[Assignment]
Each line in the entries below that contains the word "normals" counts once. Report how many there are and nothing more.

************

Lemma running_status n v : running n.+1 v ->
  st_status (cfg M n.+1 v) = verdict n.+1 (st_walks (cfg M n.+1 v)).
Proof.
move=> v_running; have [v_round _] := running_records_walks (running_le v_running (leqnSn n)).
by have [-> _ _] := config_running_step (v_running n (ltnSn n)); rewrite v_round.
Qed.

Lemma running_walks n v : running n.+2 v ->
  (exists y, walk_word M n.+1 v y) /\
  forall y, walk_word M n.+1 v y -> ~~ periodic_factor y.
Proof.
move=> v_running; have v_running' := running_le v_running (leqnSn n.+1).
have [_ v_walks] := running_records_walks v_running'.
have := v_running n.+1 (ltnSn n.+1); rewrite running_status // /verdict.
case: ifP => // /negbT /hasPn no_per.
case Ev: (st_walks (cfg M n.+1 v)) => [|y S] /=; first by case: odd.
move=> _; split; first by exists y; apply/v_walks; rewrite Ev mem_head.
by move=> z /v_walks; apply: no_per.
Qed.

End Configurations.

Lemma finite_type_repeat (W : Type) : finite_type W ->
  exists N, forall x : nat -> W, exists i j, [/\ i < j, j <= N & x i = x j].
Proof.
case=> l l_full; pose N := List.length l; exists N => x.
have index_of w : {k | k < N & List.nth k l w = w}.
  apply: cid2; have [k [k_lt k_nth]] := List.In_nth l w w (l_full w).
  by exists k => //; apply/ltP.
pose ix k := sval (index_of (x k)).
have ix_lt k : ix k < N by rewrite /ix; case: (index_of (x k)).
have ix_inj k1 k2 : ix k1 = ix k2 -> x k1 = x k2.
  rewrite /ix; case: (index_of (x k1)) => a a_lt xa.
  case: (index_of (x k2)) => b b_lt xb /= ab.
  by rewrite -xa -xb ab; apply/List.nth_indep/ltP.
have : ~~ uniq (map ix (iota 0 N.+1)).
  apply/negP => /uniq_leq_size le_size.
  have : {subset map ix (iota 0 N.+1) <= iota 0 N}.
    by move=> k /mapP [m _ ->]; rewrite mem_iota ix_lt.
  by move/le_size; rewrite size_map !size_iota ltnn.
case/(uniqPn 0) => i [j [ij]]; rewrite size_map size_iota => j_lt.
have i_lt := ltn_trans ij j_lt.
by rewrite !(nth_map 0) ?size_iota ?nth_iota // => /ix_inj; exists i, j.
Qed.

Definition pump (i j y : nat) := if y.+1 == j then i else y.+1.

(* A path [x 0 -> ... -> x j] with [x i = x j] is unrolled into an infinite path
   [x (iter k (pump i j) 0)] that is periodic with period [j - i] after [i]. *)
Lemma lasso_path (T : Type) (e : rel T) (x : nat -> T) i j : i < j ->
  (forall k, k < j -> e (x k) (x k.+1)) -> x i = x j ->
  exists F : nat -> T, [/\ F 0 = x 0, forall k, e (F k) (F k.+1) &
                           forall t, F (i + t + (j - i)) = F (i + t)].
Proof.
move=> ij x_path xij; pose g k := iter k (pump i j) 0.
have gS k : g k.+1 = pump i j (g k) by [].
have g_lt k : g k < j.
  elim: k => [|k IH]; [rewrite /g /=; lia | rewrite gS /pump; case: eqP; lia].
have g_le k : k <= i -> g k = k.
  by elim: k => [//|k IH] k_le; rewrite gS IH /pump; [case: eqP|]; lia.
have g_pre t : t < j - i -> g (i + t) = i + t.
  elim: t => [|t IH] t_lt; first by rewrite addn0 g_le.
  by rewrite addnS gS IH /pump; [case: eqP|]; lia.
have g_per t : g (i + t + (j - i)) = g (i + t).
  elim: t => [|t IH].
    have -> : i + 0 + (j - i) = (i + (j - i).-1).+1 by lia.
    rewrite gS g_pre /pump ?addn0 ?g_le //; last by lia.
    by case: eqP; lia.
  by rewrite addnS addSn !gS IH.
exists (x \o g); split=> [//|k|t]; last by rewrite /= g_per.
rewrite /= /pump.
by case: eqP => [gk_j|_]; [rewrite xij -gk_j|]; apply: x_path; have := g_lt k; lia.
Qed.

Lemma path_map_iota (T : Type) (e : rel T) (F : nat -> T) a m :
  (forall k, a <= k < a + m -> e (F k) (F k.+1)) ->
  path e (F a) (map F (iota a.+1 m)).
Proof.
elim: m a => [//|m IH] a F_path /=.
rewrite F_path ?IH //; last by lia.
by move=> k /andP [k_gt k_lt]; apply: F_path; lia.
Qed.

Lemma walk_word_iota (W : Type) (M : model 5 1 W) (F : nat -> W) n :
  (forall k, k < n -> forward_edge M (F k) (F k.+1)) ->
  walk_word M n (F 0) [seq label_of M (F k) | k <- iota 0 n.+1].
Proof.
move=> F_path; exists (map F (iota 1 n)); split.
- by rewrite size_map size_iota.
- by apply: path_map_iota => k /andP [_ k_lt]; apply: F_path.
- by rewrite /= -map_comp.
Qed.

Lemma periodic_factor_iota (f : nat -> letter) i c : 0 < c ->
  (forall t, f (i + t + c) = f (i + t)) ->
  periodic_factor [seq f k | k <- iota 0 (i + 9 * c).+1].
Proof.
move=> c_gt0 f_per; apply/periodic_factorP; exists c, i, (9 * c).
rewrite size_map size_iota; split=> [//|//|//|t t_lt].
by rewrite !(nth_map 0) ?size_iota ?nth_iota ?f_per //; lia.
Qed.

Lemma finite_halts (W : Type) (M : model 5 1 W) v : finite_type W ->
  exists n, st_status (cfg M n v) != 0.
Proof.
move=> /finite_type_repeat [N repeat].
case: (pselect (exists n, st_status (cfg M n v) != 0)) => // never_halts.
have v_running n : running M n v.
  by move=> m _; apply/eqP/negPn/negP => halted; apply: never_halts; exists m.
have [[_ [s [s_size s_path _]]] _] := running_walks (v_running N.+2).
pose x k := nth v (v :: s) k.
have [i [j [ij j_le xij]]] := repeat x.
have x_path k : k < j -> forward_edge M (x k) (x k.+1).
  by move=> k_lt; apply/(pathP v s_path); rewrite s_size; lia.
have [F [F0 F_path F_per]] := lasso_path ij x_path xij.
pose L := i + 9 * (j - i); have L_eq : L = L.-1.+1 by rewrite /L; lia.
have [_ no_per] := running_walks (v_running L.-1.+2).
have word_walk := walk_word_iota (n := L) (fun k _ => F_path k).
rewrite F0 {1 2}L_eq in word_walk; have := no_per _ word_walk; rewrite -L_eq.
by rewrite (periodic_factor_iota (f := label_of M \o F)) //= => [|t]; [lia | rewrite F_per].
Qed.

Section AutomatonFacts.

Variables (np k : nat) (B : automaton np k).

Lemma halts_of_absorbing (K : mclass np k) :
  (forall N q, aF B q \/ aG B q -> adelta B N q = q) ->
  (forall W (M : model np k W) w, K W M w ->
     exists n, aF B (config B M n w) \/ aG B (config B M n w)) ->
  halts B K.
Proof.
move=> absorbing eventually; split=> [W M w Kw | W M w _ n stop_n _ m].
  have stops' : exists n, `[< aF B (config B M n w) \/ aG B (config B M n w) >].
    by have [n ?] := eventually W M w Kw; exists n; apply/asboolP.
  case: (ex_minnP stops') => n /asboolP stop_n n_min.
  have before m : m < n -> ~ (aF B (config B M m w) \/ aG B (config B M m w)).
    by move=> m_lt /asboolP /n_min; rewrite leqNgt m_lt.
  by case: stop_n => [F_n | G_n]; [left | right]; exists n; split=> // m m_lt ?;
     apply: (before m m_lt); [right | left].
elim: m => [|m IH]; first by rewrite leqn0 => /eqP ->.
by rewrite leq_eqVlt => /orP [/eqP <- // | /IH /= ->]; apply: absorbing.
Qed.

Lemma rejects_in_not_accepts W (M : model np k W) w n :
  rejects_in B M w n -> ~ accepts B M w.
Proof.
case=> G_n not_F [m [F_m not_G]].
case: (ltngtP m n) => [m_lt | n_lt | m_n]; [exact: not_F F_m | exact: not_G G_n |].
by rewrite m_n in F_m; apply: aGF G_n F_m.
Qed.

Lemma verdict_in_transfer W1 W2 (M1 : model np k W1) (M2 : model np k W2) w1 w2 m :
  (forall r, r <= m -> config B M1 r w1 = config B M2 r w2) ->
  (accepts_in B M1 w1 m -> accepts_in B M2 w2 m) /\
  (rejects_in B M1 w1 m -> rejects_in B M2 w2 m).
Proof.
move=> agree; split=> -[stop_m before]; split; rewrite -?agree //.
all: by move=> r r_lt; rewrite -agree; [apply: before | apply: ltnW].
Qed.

************

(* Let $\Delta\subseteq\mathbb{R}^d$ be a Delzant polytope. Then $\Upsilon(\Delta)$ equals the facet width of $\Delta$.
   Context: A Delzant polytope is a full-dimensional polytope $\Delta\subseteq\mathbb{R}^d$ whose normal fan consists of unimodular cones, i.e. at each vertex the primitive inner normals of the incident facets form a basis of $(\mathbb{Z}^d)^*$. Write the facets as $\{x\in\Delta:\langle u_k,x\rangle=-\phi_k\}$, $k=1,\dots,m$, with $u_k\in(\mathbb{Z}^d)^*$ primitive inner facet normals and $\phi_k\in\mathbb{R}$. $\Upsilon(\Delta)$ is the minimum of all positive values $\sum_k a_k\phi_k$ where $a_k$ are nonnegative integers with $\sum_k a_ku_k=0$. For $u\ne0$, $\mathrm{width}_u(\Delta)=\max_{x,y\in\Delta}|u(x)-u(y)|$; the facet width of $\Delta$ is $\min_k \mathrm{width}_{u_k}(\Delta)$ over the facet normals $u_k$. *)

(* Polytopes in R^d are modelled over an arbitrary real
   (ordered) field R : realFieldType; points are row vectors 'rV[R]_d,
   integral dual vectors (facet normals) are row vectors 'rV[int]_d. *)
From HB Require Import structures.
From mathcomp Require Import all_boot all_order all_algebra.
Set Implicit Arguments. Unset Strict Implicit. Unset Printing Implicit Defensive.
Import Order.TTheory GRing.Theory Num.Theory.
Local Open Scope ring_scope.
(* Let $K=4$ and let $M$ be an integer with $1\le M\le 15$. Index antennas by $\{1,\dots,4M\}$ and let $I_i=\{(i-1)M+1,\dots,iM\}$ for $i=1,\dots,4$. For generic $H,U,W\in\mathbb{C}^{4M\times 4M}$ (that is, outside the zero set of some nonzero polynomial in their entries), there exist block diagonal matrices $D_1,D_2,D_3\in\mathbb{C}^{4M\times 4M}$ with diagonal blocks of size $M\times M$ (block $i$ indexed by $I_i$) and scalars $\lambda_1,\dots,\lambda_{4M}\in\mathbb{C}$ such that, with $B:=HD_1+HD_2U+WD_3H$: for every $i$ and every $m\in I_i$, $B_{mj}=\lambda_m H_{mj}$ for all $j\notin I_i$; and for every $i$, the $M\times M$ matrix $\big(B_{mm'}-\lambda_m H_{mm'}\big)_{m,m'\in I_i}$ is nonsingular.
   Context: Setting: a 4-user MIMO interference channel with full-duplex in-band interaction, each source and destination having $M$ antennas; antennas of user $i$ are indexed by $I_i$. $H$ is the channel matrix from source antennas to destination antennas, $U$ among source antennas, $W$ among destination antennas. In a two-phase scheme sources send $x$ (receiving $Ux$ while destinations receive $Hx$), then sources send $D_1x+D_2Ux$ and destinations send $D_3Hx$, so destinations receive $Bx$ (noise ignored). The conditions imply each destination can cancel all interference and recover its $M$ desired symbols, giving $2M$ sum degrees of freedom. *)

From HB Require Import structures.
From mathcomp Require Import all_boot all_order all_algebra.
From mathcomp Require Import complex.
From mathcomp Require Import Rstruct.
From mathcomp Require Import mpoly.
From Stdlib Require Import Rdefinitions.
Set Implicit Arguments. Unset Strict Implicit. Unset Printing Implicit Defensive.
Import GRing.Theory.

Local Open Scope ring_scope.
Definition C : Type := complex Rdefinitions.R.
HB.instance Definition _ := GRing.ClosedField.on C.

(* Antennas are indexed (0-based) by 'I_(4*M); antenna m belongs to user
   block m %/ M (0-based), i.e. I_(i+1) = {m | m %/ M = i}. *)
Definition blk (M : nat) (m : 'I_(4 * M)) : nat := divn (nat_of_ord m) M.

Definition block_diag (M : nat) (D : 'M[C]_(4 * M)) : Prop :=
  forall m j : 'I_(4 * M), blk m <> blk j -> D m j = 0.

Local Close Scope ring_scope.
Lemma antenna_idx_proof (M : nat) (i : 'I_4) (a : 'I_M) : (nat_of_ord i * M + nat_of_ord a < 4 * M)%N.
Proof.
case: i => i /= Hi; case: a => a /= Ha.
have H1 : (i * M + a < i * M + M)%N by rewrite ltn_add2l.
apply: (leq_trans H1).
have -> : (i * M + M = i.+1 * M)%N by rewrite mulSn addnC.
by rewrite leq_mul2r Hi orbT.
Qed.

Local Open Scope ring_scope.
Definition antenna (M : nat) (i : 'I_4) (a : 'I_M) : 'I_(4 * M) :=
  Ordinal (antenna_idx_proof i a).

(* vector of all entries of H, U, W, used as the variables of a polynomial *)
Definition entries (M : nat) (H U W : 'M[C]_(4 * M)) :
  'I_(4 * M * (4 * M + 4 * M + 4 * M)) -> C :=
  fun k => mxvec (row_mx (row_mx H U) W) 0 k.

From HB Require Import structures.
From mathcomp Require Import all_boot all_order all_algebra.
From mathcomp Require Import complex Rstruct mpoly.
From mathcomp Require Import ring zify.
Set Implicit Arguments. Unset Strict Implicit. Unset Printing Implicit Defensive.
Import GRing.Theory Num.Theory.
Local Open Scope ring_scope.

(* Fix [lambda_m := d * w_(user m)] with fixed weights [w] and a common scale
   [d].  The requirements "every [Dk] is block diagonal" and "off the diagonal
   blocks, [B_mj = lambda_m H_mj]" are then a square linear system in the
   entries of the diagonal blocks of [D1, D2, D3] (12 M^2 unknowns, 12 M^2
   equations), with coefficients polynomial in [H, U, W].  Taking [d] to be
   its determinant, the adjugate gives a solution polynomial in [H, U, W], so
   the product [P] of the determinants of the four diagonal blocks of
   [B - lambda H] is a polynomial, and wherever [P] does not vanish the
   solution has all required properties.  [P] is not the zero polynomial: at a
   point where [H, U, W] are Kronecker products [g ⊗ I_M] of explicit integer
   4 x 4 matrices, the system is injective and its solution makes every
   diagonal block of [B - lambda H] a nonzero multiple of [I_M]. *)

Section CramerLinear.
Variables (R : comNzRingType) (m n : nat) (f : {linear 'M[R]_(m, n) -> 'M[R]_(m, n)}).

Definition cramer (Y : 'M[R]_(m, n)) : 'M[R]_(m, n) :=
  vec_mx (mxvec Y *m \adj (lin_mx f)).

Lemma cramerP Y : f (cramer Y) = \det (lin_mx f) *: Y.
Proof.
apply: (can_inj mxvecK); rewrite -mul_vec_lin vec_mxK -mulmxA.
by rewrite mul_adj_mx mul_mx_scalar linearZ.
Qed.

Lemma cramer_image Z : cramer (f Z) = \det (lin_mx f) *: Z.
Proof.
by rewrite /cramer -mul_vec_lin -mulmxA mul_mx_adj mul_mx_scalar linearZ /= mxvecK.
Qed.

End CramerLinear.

************

[Task output]
2